In attaching prices to episodes, we had to choose between using the actual prices paid by health plans and creating a standardized price across all plans. Conceptually using standardized costs is using the standardized values to weight utilization in the same way for all physicians. Since physicians do not normally negotiate their own prices this focuses the profiling on their actions rather than on differences in contractual features. We describe here the method for creating standardized prices.

In creating the standardized prices, we used the “allowed cost” field from the claims, which captures the total amount that can be reimbursed for a service including co-payments. We summed the allowed costs for each type of service (procedure, visit, service, drug) across health plans and divided by the number of services of that type to arrive at an average price.

Although each health plan paid for inpatient admissions based on DRGs, the four plans used different and incompatible systems so the standardized price applied to a hospitalization was the average lump sum reimbursementfor that DRG within a given health plan.
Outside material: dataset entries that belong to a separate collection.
(* Let $0<|q|<1$, let $m$ be a nonnegative integer, and let $a,b,c,d$ be complex numbers such that all denominators below are nonzero and $|cq^{-m}/(ab)|<1$. Then \[ {}_3\phi_2\!\left[\begin{matrix}a,b,dq^m\\ c,d\end{matrix};q,\frac{cq^{-m}}{ab}\right]= \frac{(c/a;q)_\infty(c/b;q)_\infty}{(c;q)_\infty(c/ab;q)_\infty}\, {}_3\phi_2\!\left[\begin{matrix}a,b,q^{-m}\\ abq/c,d\end{matrix};q,q\right]. \]
   Context: For $0<|q|<1$: $(a;q)_\infty=\prod_{j\ge0}(1-aq^j)$ and $(a;q)_k=(a;q)_\infty/(aq^k;q)_\infty$ for integers $k$. The basic hypergeometric series is ${}_r\phi_{r-1}\!\left[\begin{matrix}a_1,\dots,a_r\\ b_1,\dots,b_{r-1}\end{matrix};q,z\right]=\sum_{k\ge0}\frac{(a_1;q)_k\cdots(a_r;q)_k}{(q;q)_k(b_1;q)_k\cdots(b_{r-1};q)_k}z^k$ (it terminates if some numerator parameter equals $q^{-n}$, $n$ a nonnegative integer). *)

From Stdlib Require Import Reals.
From Coquelicot Require Export Coquelicot Complex.
Open Scope C_scope.

Fixpoint qpoch (a q : C) (k : nat) : C :=
  match k with
  | O => 1
  | S k' => qpoch a q k' * (1 - a * pow_n q k')
  end.

Definition is_qpoch_inf (a q P : C) : Prop :=
  filterlim (fun n : nat => qpoch a q n) eventually (locally P).

Definition phi32_term (a1 a2 a3 b1 b2 q z : C) (k : nat) : C :=
  (qpoch a1 q k * qpoch a2 q k * qpoch a3 q k)
  / (qpoch q q k * qpoch b1 q k * qpoch b2 q k) * pow_n z k.

(* With x = q^k, the q-Chu–Vandermonde sum writes (dq^m;q)_k/(d;q)_k = (dq^k;q)_m/(d;q)_m as a
   sum over j <= m of (q^-m;q)_j q^j / ((q;q)_j (d;q)_j) times q^(km) (q^-k;q)_j.  Exchanging this
   finite sum with the series in k, the j-th inner series vanishes for k < j and, after the shift
   k -> k + j, is the 2phi1 with parameters a q^j, b q^j; c q^j at its q-Gauss point
   c q^-j/(ab), which stays in the unit disc because j <= m.  Summing it by q-Gauss and rewriting
   (c q^-j/(ab);q)_j by reflection yields exactly the infinite-product prefactor times the j-th term
   of the terminating 3phi2.  The q-Gauss sum itself comes from iterating the contiguous relation
   c -> cq: the sum for c equals the n-th partial product ratio times the sum for c q^n, and the
   latter is 1 + O(|q|^n). *)

From Stdlib Require Import Reals Lra Lia.
From Coquelicot Require Import Coquelicot Complex.
Open Scope C_scope.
Only facility reimbursements were included. A small fraction of hospitalizations were assigned more than one DRG. These hospitalizations were not included in the calculations of standardized prices and the standardized price we applied to these hospitalizations was for the DRG with the highest average price.

To account for likely data errors, we set all allowed costs below the 2.5th and above the 97.5th percentile of each service cost distribution to the values at those cutpoints, a process known as Winsorizing. We selected Winsorizing over other methods of dealing with outliers because our prior work found that was a superior method.(3)

We then created a standardized cost for an episode by multiplying the number of units of each service delivered by the standardized price for that service. We Winsorized the standardized cost for each episode by setting total costs falling below the 2.5th and above the 97.5th percentile distribution to the values at those cutpoints. We refer to the resulting total cost of an episode as the observed cost.

C. Attributing Episodes to Physicians

Because in most situations no accountability is assigned a priori to a physician for a patient’s care, algorithms have been developed to make such assignments based on different patterns of utilization. These algorithms are broadly referred to as attribution rules.

In other work on this project we have evaluated 12 different attribution rules that use different combinations of the unit of analysis (episode or patient), signal for responsibility (visits or costs), thresholds for assigning responsibility (plurality or majority), and number of physicians to whom care is attributed (single or multiple). For this paper, we report results using the attribution rule that appears to be most commonly used by health plans, responsibility for episodes is assigned to the physician who bills the highest proportion of professional costs (defined below) in an episode as long as that proportion is greater than 30%. If no physician met the criteria, the episode was dropped from our analyses. A total of 48% of all episodes could not be assigned to a physician.

a. Defining Professional Costs for the Purposes of Attribution

There is no standard definition of what is a professional cost or claim. Typically professional services exclude facility and direct medical equipment. Broader definitions might include ordering of pharmaceuticals, diagnostic imaging, laboratory tests, or pathology specimens while stricter definitions might exclude these services. For the purposes of this project we utilized a stricter definition because it is often difficult to determine which provider ordered a laboratory test, imaging test, or prescription because ordering physician is inconsistently recorded in health plan claims data.

Our goal was to use codes in which the delivering physician played a role in evaluating the patient or choosing a therapy. We are cognizant that no definition is perfect, and there may be disagreements on specific scenarios.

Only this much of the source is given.